Section 244A of the Income Tax Act:
Section 244A of the Income Tax Act provides that an assessee is entitled to get refund of interest for money paid in excess to the Government. The rule is applicable not only in case of assessees but similar benefit is also available to a deductor who has deducted excess TDS by mistake and has deposited the same.
The Apex Court is of the view that awarding interest is like a kind of compensation for the retention of the money collected by the Department. As such when the excess amount is refunded, it should be inclusive of the interest.

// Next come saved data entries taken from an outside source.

(* Let $p(x)$ be a probability distribution on a feature space $\mathcal X$, let $p_{\mathrm{CM}}(y\mid x)$, $y\in\{+1,-1\}$, be a conditional probability distribution, and let $\mathcal D_{\mathrm{CM}}=p(x)\,p_{\mathrm{CM}}(y\mid x)$ be the induced joint distribution of $(x,y)$. Let $r(y,x,\theta)$ be a measurable risk function with $0\le r(y,x,\theta)\le 1$ for all $y,x$ and a fixed parameter $\theta$, and write $r_1(x)=r(+1,x,\theta)$, $r_2(x)=r(-1,x,\theta)$. Then for every constant $c>0$, $$\Big(\mathbb E_{\mathcal D_{\mathrm{CM}}}\big[\mathbf 1_{r(y,x,\theta)>r(-y,x,\theta)}\big]\Big)^2\le \mathbb E_{p(x)}\Big[c\,p_{\mathrm{CM}}(+1\mid x)\,r_1(x)+c\,p_{\mathrm{CM}}(-1\mid x)\,r_2(x)+\log\big(1+e^{-c|r_1(x)-r_2(x)|}\big)+2e^{-2c|r_1(x)-r_2(x)|}\Big].$$
   Context: Binary classification with labels $y\in\{+1,-1\}$. The left-hand side is the misclassification error, under data distributed as $\mathcal D_{\mathrm{CM}}$, of the classifier that predicts $\mathrm{argmin}_{y\in\{\pm1\}} r(y,x,\theta)$. *)

From HB Require Import structures.
From mathcomp Require Import all_boot all_order all_algebra.
From mathcomp Require Import all_classical all_reals all_analysis.
Set Implicit Arguments. Unset Strict Implicit. Unset Printing Implicit Defensive.
Import Order.TTheory GRing.Theory Num.Theory.
Local Open Scope ring_scope.
Local Open Scope ereal_scope.

(* Labels: y : bool, with [true] = +1 and [false] = -1; [negb] is y |-> -y. *)

(* Expectation of g(x,y) under the joint law D_CM = p(x) p_CM(y|x), where the
   conditional law is given by eta x = p_CM(+1|x) (so p_CM(-1|x) = 1 - eta x):
   E_{D_CM}[g] = \int p(dx) (p_CM(+1|x) g(x,+1) + p_CM(-1|x) g(x,-1)). *)
Definition E_CM (d : measure_display) (T : measurableType d) (R : realType)
  (P : probability T R) (eta : T -> R) (g : T -> bool -> R) : \bar R :=
  \int[P]_x ((eta x * g x true + (1 - eta x) * g x false)%R)%:E.

Definition miscl_ind (T Theta : Type) (R : realType)
  (r : bool -> T -> Theta -> R) (theta : Theta) (x : T) (y : bool) : R :=
  if (r (~~ y) x theta < r y x theta)%R then 1%R else 0%R.

(* Pointwise, the misclassification probability at x is p = p_CM(y|x) for
   the label y the classifier gets wrong, which can only happen when the
   margin t = c |r_1(x) - r_2(x)| is positive; then p <= p t + 2 e^(-2t),
   because e^(-2t) >= (1 - t/2)^4 and 2 s^4 >= 2 s - 1, and p t is at most
   the c p r term of the wrong label (the logarithm is merely nonnegative).
   Integrating bounds the error E, and E^2 <= E since E <= 1. *)
From HB Require Import structures.
From mathcomp Require Import all_boot all_order all_algebra.
From mathcomp Require Import all_classical all_reals all_analysis.
From mathcomp Require Import ring lra.
Set Implicit Arguments. Unset Strict Implicit. Unset Printing Implicit Defensive.
Import Order.TTheory GRing.Theory Num.Theory.
Local Open Scope ring_scope.

Lemma two_mul_sub1_le_2expr4 (R : realFieldType) (s : R) :
  2 * s - 1 <= 2 * s ^+ 4.
Proof.
have -> : s ^+ 4 = (s ^+ 2) ^+ 2 by rewrite -exprM.
have := sqr_ge0 (s ^+ 2 - 2 / 5); have := sqr_ge0 (s - 5 / 8); nra.
Qed.

Lemma le_mulr_add_2expR (R : realType) (a t : R) : 0 <= a <= 1 -> 0 <= t ->
  a <= a * t + 2 * expR (- 2 * t).
Proof.
move=> /andP[a0 a1] t0; have e0 := expR_ge0 (- 2 * t).
have [t_ge1|t_lt1] := leP 1 t; first nra.
have s0 : 0 <= 1 - t / 2 by lra.
have s_le : 1 - t / 2 <= expR (- t / 2).
  by have := expR_ge1Dx (- t / 2); rewrite mulNr.
have -> : expR (- 2 * t) = expR (- t / 2) ^+ 4.
  by rewrite -expRM_natl; congr expR; lra.
have := two_mul_sub1_le_2expr4 (1 - t / 2).
have : (1 - t / 2) ^+ 4 <= expR (- t / 2) ^+ 4.
  by rewrite lerXn2r ?nnegrE ?expR_ge0.
nra.
Qed.

Lemma le_margin_risk_2expR (R : realType) (a c u v : R) :
  0 <= a <= 1 -> 0 < c -> 0 <= v -> v < u ->
  a <= c * a * u + 2 * expR (- (2 * c) * `|u - v|).
Proof.
move=> a01 c0 v0 vu; have /andP[a0 _] := a01.
have t0 : 0 <= c * (u - v) by rewrite mulr_ge0 ?subr_ge0 // ltW.
have := le_mulr_add_2expR a01 t0.
have cav : 0 <= c * a * v by rewrite !mulr_ge0 // ltW.
have -> : - (2 * c) * `|u - v| = - 2 * (c * (u - v)).
  by rewrite gtr0_norm ?subr_gt0 //; ring.
nra.
Qed.

Lemma misclassification_le_surrogate (R : realType) (a r1 r2 c : R) :
  0 <= a <= 1 -> 0 <= r1 -> 0 <= r2 -> 0 < c ->
  a * (if r2 < r1 then 1 else 0) + (1 - a) * (if r1 < r2 then 1 else 0) <=
  c * a * r1 + c * (1 - a) * r2 + ln (1 + expR (- c * `|r1 - r2|))
  + 2 * expR (- (2 * c) * `|r1 - r2|).
Proof.
move=> a01 r10 r20 c0; have /andP[a0 a1] := a01.
have ln0 : 0 <= ln (1 + expR (- c * `|r1 - r2|)).
  by rewrite ln_ge0 // lerDl expR_ge0.
have e0 := expR_ge0 (- (2 * c) * `|r1 - r2|).
have car1 : 0 <= c * a * r1 by rewrite !mulr_ge0 // ltW.
have car2 : 0 <= c * (1 - a) * r2 by rewrite !mulr_ge0 ?subr_ge0 // ltW.
case: ifP => r21; case: ifP => r12.
- by move: (lt_trans r21 r12); rewrite ltxx.
- have := le_margin_risk_2expR a01 c0 r20 r21; lra.
- have a01' : 0 <= 1 - a <= 1 by lra.
  have := le_margin_risk_2expR a01' c0 r10 r12; rewrite distrC; lra.
- lra.
Qed.

Local Open Scope ereal_scope.

(* No measurability is needed: the integral of a nonnegative function is the
   supremum of the integrals of the simple functions below it. *)
Lemma ge0_le_integralT d (T : measurableType d) (R : realType)
    (mu : {measure set T -> \bar R}) (f g : T -> \bar R) :
  (forall x, 0 <= f x) -> (forall x, f x <= g x) ->
  \int[mu]_x f x <= \int[mu]_x g x.
Proof.
move=> f0 fg; have g0 x : 0 <= g x by exact: le_trans (fg x).
rewrite !ge0_integralE //.
apply: ereal_sup_le => _ [h hf <-]; exists h => // x.
by apply: le_trans (hf x) _; rewrite /patch /=; case: ifP.
Qed.

Lemma probability_integral_sqr_le d (T : measurableType d) (R : realType)
    (P : probability T R) (f : T -> \bar R) :
  (forall x, 0 <= f x <= 1) -> (\int[P]_x f x) ^+ 2 <= \int[P]_x f x.
Proof.
move=> f01; have f0 x : 0 <= f x by have /andP[] := f01 x.
have E0 : 0 <= \int[P]_x f x by exact: integral_ge0.
have E1 : \int[P]_x f x <= 1.
  have := @ge0_le_integralT _ _ _ P f (cst 1) f0 (fun x => proj2 (andP (f01 x))).
  by rewrite integral_cst //= probability_setT mul1e.
by rewrite expe2 -{3}[\int[P]_x f x]mul1e; exact: lee_pmul.
Qed.

Theorem theorem1 (d : measure_display) (T : measurableType d) (R : realType)
  (P : probability T R) (eta : T -> R)
  (Theta : Type) (r : bool -> T -> Theta -> R) (theta : Theta) (c : R) :
  measurable_fun setT eta ->
  (forall x, (0 <= eta x <= 1)%R) ->
  (forall y, measurable_fun setT (fun x => r y x theta)) ->
  (forall y x, (0 <= r y x theta <= 1)%R) ->
  (0 < c)%R ->
  (E_CM P eta (miscl_ind r theta)) ^+ 2 <=
  \int[P]_x
    ((c * eta x * r true x theta + c * (1 - eta x) * r false x theta
      + ln (1 + expR (- c * `|r true x theta - r false x theta|))
      + 2 * expR (- (2 * c) * `|r true x theta - r false x theta|))%R)%:E.
Proof.
move=> _ eta01 _ r01 c0; rewrite /E_CM /miscl_ind /=.
have r0 y x : (0 <= r y x theta)%R by have /andP[] := r01 y x.
apply: le_trans (probability_integral_sqr_le _ _) _.
  move=> x; rewrite !lee_fin; have := eta01 x.
  by case: ifP; case: ifP => _ _; lra.
apply: ge0_le_integralT => x; rewrite lee_fin.
  by have := eta01 x; case: ifP; case: ifP => _ _; lra.
exact: misclassification_le_surrogate.
Qed.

Why excess TDS is deducted?
One should learn why excessive TDS is deducted which is then refunded. There can be many reasons for the same such as:
1. When permission is necessary before remittance – In certain cases tax has to be deducted and permission should be sought for before making payment or remitting the sum. In such cases TDS is deposited and then refund is claimed.

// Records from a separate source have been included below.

Lemma pmeet_generic_1Bq : pmeet (pmeet (1 - q) (1 - K1)) (1 - K3) = (1 - q) * r.
Proof.
case: h1 h2 h3 h4 => _ _ /acts_scalar1B q1 [_ _ /acts_scalar1B q2].
move=> [_ _ /acts_scalar1B q3] [_ _ /acts_scalar1B q4].
rewrite subr0 in q1 q3; rewrite subrr in q2 q4.
rewrite (pmeet_subC2 HA (projC HA hq) pK1 pK3 q1 q3 o13.1) (mulr_generic q1 q2 q3 q4).
by rewrite !(scale0r, scale1r, subr0).
Qed.

Lemma acts_cos2 K k l : corner A p q K k l ->
  acts_scalar cos2 K (k * l * k + (1 - k) * (1 - l) * (1 - k)).
Proof.
case=> _ pK qK; apply: (acts_scalarD (acts_scalarM (acts_scalarM pK qK) pK)).
exact: (acts_scalarM (acts_scalarM (acts_scalar1B pK) (acts_scalar1B qK)) (acts_scalar1B pK)).
Qed.

Theorem psqrt_corners :
  [/\ psqrt (p * r * (q * r) * (p * r) + (1 - p) * r * ((1 - q) * r) * ((1 - p) * r))
        = psqrt cos2 * r,
      psqrt cos2 * r = r * psqrt cos2 &
      psqrt cos2 = psqrt cos2 * r + sabs pos (K4 - K1)].
Proof.
have pcos2 : pos cos2.
  have ppq := pos_sandwich HA (proj_pos HA hp) (proj_pos HA hq).
  exact: (posD HA ppq (pos_sandwich HA (proj_pos HA (projC HA hp)) (proj_pos HA (projC HA hq)))).
have a1 := acts_cos2 h1; have a2 := acts_cos2 h2; have a3 := acts_cos2 h3; have a4 := acts_cos2 h4.
rewrite !(subr0, subrr, mul0r, mulr0, mul1r, mulr1, add0r, addr0) in a1 a2 a3 a4.
have [Ar rr] := proj_generic; have cos2r := comm_generic a1 a2 a3 a4.
split.
- case: h1 h2 h3 h4 => _ p1 q1 [_ p2 q2] [_ p3 q3] [_ p4 q4].
  have pr := comm_generic p1 p2 p3 p4; have qr := comm_generic q1 q2 q3 q4.
  have p'r := comm_generic (acts_scalar1B p1) (acts_scalar1B p2)
                           (acts_scalar1B p3) (acts_scalar1B p4).
  have q'r := comm_generic (acts_scalar1B q1) (acts_scalar1B q2)
                           (acts_scalar1B q3) (acts_scalar1B q4).
  by rewrite !sandwich_mulr_idem // -mulrDl (psqrt_mul_proj HA pcos2 proj_generic cos2r).
- exact: (psqrt_comm HA pcos2 Ar cos2r).
set c := psqrt cos2.
have decomp : c = c * r + c * K4 + c * K3 + c * K2 + c * K1 by rewrite -!mulrDr !subrK mulr1.
rewrite (sabs_subr_orth HA pK4 pK1 o14.2) {1}decomp.
rewrite (psqrt_acts HA pcos2 pK1 a1 (mulr1 1)) (psqrt_acts HA pcos2 pK2 a2 (mulr0 0)).
rewrite (psqrt_acts HA pcos2 pK3 a3 (mulr0 0)) (psqrt_acts HA pcos2 pK4 a4 (mulr1 1)).
by rewrite !scale1r !scale0r !addr0 addrA.
Qed.
(* In the N-CIRL game described in the context, the primal value backup operator $G$, acting on bounded functions $v:\mathcal{S}\times\Delta(\Theta)\to\mathbb{R}$ by $$[Gv](s,b)=\max_{\bar\pi^A}\min_{\bar\pi^D}\Big\{\sum_{a,d,s',\vartheta}b(\vartheta)\bar\pi^A(a\mid s,\vartheta)\bar\pi^D(d\mid s)\mathcal{T}(s'\mid s,a,d)\big(R(s,a,d,s';\vartheta)+\gamma\,v(s',\tau(s,b,a))\big)\Big\},$$ with $\tau_\vartheta(s,b,a)=\bar\pi^A(a\mid s,\vartheta)b(\vartheta)/\sum_{\vartheta'}\bar\pi^A(a\mid s,\vartheta')b(\vartheta')$, is a contraction mapping with respect to the supremum norm. Consequently, iterating $G$ from any bounded initial function converges to the value function of the N-CIRL game, which is the fixed point of $v=Gv$.
   Context: N-CIRL game: finite state set $\mathcal{S}$, finite attacker action set $\mathcal{A}$, finite defender action set $\mathcal{D}$, transition kernel $\mathcal{T}(s'\mid s,a,d)$, finite intent parameter set $\Theta$, bounded reward $R(s,a,d,s';\theta)$ to the attacker (the defender receives $-R$), discount factor $\gamma\in[0,1)$. The intent $\theta$ is known only to the attacker; states and both players' past actions are publicly observed. The value function is $v(s,b)=\max_{\sigma^A}\min_{\sigma^D}\mathbb{E}[\sum_{t\ge0}\gamma^tR(s_t,a_t,d_t,s_{t+1};\theta)\mid s_0=s,\theta\sim b]$ over behavioral strategies. The max in $G$ is over one-stage attacker strategies $\bar\pi^A:\mathcal{S}\times\Theta\to\Delta(\mathcal{A})$ and the min over one-stage defender strategies $\bar\pi^D:\mathcal{S}\to\Delta(\mathcal{D})$; $\Delta(X)$ is the set of probability distributions on $X$. *)

From HB Require Import structures.
From mathcomp Require Import all_boot all_order all_algebra.
From mathcomp Require Import all_classical all_reals all_analysis.
Set Implicit Arguments. Unset Strict Implicit. Unset Printing Implicit Defensive.
Import Order.TTheory GRing.Theory Num.Theory.
Local Open Scope classical_set_scope.
Local Open Scope ring_scope.

Section NCIRL.
Variables (R : realType) (S A D Th : finType).
(* Tr s a d s' = T(s' | s, a, d);  Rw s a d s' th = R(s,a,d,s';th) *)
Variables (Tr : S -> A -> D -> S -> R) (Rw : S -> A -> D -> S -> Th -> R) (gamma : R).

Definition isdist (X : finType) (p : X -> R) : Prop :=
  (forall x, 0 <= p x) /\ \sum_(x : X) p x = 1.

(* value functions on S x Delta(Theta) (beliefs represented as functions Th -> R) *)
Definition vfun := S -> (Th -> R) -> R.

Definition bounded (v : vfun) : Prop :=
  exists M : R, forall s b, isdist b -> `|v s b| <= M.

Definition supdist (v w : vfun) : R :=
  sup [set `|v s b - w s b| | s in [set: S] & b in [set b | isdist b]].

Definition stratA (pA : S -> Th -> A -> R) : Prop := forall s t, isdist (pA s t).
Definition stratD (pD : S -> D -> R) : Prop := forall s, isdist (pD s).

(* Bayesian belief update tau(s,b,a) under pA(.|s,.); when the denominator
   vanishes (a has probability 0) the belief is left unchanged (irrelevant,
   as the corresponding term carries weight 0). *)
Definition tau (pAs : Th -> A -> R) (b : Th -> R) (a : A) : Th -> R :=
  let den := \sum_(t' : Th) pAs t' a * b t' in
  if den == 0 then b else fun t => pAs t a * b t / den.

2. Disputes regarding the amount of tax to be deducted – When the amount of tax which is deductible is an issue, the tax payer may opt for deduction and deposition of tax and claim refund.
3. Disputes regarding the rates – Disputes about rate may be responsible for deduction of more TDS and claim for refund.
Refund of excess TDS:
When excess tax is deducted or collected, the deductor or collector can claim refund. When the person from whom the tax is deducted or collected does not agree with the TDS or TCS and where it is not possible to claim credit from the deductor by the said person, he may claim refund from the Income Tax Department.
The recent decision:
In the case of UOI vs. Tata Chemicals Ltd. the assessee applied under section 195(2) of the Income Tax Act for permission to remit technical service charges to a foreign company without TDS. The Assessing officer directed the assessee to deduct TDS @20% prior to making remittance. The assessee filed an appeal before the CIT (A) where he claimed that the remittance was not subject to TDS.

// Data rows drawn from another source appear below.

Lemma Dimp_bounds (L : nat -> R -> R) (N j i : nat) (y x lb : R) :
  0 < y -> 0 < x -> (forall t, 0 < t < 1 -> lb <= cost (L j) (L i) y x t) ->
  lb <= Dimp L N j i y x /\
  forall t, 0 < t < 1 -> Dimp L N j i y x <= cost (L j) (L i) y x t.
Proof.
  intros Hy Hx Hlb.
  assert (Hglb : is_glb (fun v => exists tau, 0 <= tau <= 1 /\
            ERadd (Ecost1 L N j tau y) (Ecost2 L N i tau x) = Some v) (Dimp L N j i y x)).
  { apply (Rinf_is_glb _ (cost (L j) (L i) y x (1 / 2)) lb).
    - apply Dimp_candidates; [assumption | assumption | exists (1 / 2); split; [lra | reflexivity]].
    - intros v Hv. apply Dimp_candidates in Hv as [t [Ht ->]]; auto. }
  destruct Hglb as [Hlow Hgreatest]. split.
  - apply Hgreatest. intros v Hv. apply Dimp_candidates in Hv as [t [Ht ->]]; auto.
  - intros t Ht. apply Hlow, Dimp_candidates; [assumption | assumption | exists t; auto].
Qed.

Section ImplicitCostAtMinimizer.
Variables (L dL d2L : nat -> R -> R) (g : R) (N j i : nat).
Hypothesis Lj_deriv : forall z, derivable_pt_lim (L j) z (dL j z).
Hypothesis dLj_deriv : forall z, derivable_pt_lim (dL j) z (d2L j z).
Hypothesis d2Lj_ge : forall z, g <= d2L j z.
Hypothesis Li_deriv : forall z, derivable_pt_lim (L i) z (dL i z).
Hypothesis dLi_deriv : forall z, derivable_pt_lim (dL i) z (d2L i z).
Hypothesis d2Li_ge : forall z, g <= d2L i z.
Hypothesis g_pos : 0 < g.
Variables (y x T : R).
Hypotheses (y_pos : 0 < y) (x_pos : 0 < x) (T_in : 0 < T < 1).
Hypothesis T_min : forall t, 0 < t < 1 -> cost (L j) (L i) y x T <= cost (L j) (L i) y x t.
Hypothesis T_crit : cost_slope (L j) (dL j) (L i) (dL i) y x T = 0.

Lemma Dimp_at_minimizer : Dimp L N j i y x = cost (L j) (L i) y x T.
Proof.
  destruct (Dimp_bounds L N j i y x (cost (L j) (L i) y x T) y_pos x_pos T_min)
    as [Hlo Hup].
  specialize (Hup T T_in). lra.
Qed.

Lemma Dimp_sandwich (h k : R) : sqrt (h * h + k * k) < Rmin y x ->
  Dimp L N j i y x + - dL j (- y / T) * h + dL i (x / (1 - T)) * k
    <= Dimp L N j i (y + h) (x + k)
  /\ Dimp L N j i (y + h) (x + k) <= cost (L j) (L i) (y + h) (x + k) T.
Proof.
  intros Hn.
  pose proof (Rabs_le_norm2 h k). pose proof (Rabs_le_norm2 k h) as Nk.
  rewrite (Rplus_comm (k * k)) in Nk.
  pose proof (Rmin_l y x). pose proof (Rmin_r y x).
  pose proof (Rle_abs (- h)). pose proof (Rle_abs (- k)). rewrite Rabs_Ropp in *.
  destruct (Dimp_bounds L N j i (y + h) (x + k)
              (cost (L j) (L i) y x T - dL j (- y / T) * (y + h - y)
               + dL i (x / (1 - T)) * (x + k - x)) ltac:(lra) ltac:(lra))
    as [Hlo Hup].
  { intros t Ht. apply (cost_tangent_plane _ _ _ _ _ _ g Lj_deriv dLj_deriv d2Lj_ge
                          Li_deriv dLi_deriv d2Li_ge g_pos); assumption. }
  rewrite Dimp_at_minimizer. split; [| exact (Hup T T_in)].
  replace (y + h - y) with h in Hlo by ring. replace (x + k - x) with k in Hlo by ring.
  lra.
Qed.

End ImplicitCostAtMinimizer.
Lemma phi_inv_pi (h : SL) : blk_upper (invmx (val g) *m val h) ->
  phi_inv (piXdd h) = piXd1 (insubd (GL1 R n) (ulblk (invmx (val g) *m val h))).
Proof.
move=> up; have [q [Qq e]] := repr_piXdd h.
have [a [b [Sa eq]]] : parabolic (@scaledGLZ R n) q by rewrite -QsetE.
apply/esym/piXd1_eqP; exists a; split=> //.
have ua : a \in unitmx by exact: mx_group_unitmx (@scaledGLZ_group R n) Sa.
rewrite e mulmxA eq ulblkM ?ulblkE //; last exact: blk_upper_blk.
by rewrite !val_insubd_GL ?unitmx_mul ?ua ?andbT // ulblk_unitmx_SL.
Qed.

Lemma phi_invK : cancel (phi g) phi_inv.
Proof.
move=> x; rewrite /phi phi_inv_pi /= /embmx mulKmx ?SLunit ?ulblkE ?valKd ?reprK //.
exact: blk_upper_blk.
Qed.

Definition SLmulQ (h : SL) (q : {q : 'M[R]_(n.+2) | Qset q}) : SL :=
  insubd h (val h *m sval q).

Lemma val_SLmulQ h q : val (SLmulQ h q) = val h *m sval q.
Proof.
by rewrite insubdK // inE /SLset /= det_mulmx SLdet Qset_det ?mul1r //; exact: svalP.
Qed.

Lemma open_piXdd (O : set SL) : open O -> open (piXdd @` O).
Proof.
move=> oO; suff : open (piXdd @^-1` (piXdd @` O)) by [].
have -> : piXdd @^-1` (piXdd @` O) = \bigcup_q (SLmulQ ^~ q) @^-1` O.
  apply/seteqP; split=> h.
    move=> [h' Oh' /esym/piXdd_eqP[q [Qq e]]]; exists (exist _ q Qq) => //=.
    by have -> : SLmulQ h (exist _ q Qq) = h' by apply: val_inj; rewrite val_SLmulQ.
  move=> [q _ Oq]; exists (SLmulQ h q) => //.
  by apply/esym/piXdd_eqP; exists (sval q); split; [exact: svalP | exact: val_SLmulQ].
apply: bigcup_open => q _; apply: (proj1 (continuousP _)) oO.
apply: (@continuous_comp_initial _ _ _ set_val (SLmulQ ^~ q)).
have -> : set_val \o SLmulQ ^~ q = (fun h => val h *m sval q).
  by apply: funext => h; exact: val_SLmulQ.
by apply: continuous_mulmx; [exact: initial_continuous | exact: cst_continuous].
Qed.

Lemma continuous_phi_inv : {within XP (plane (val g)), continuous phi_inv}.
Proof.
apply/continuousP => U [W oW eW]; apply/open_subspaceP.
pose O := [set h : SL | W (ulblk (invmx (val g) *m val h))].
exists (piXdd @` O).
  apply: open_piXdd; apply: (proj1 (continuousP _)) oW.
  apply: continuous_ulblk; apply: continuous_mulmx; first exact: cst_continuous.
  exact: initial_continuous.
have inW (h : SL) : blk_upper (invmx (val g) *m val h) ->
    W (ulblk (invmx (val g) *m val h)) <-> U (phi_inv (piXdd h)).
  move=> up; rewrite phi_inv_pi //.
  rewrite -[U _]/((piXd1 @^-1` U) _) -eW /= -[set_val _]/(val _) val_insubd_GL //.
  exact: ulblk_unitmx_SL.
apply/seteqP; split=> y [Vy Xy]; split=> //.
  move: Vy Xy => [h Oh <-] /XP_piP up.
  by rewrite /= -inW.
rewrite -[y]reprK in Vy Xy *; move/XP_piP in Xy.
by exists (repr y); rewrite // /O /= inW.
Qed.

The CIT (A) upheld the claim and the TDS were refunded to the assessee. But the AO refused to grant interest under section 244A.
The CIT (A) upheld the decision of the Assessing Officer. On appeal by the department before the Apex Court the Hon’ble Court dismissed the appeal and held that the obligation to refund money received and retained wrongly carries with it the right to interest upon the amount and the same should be calculated from the date of deposit of the TDS.
The Apex Court stated that interest is a compensation for retention of the money collected by the department which was unauthorized. The revenue received it without any kind of right and retained the same for which was bound to make compensate the concerned party. The refund money should carry with it the interest. The rate of interest should be determined according to the statutory provisions of the Act.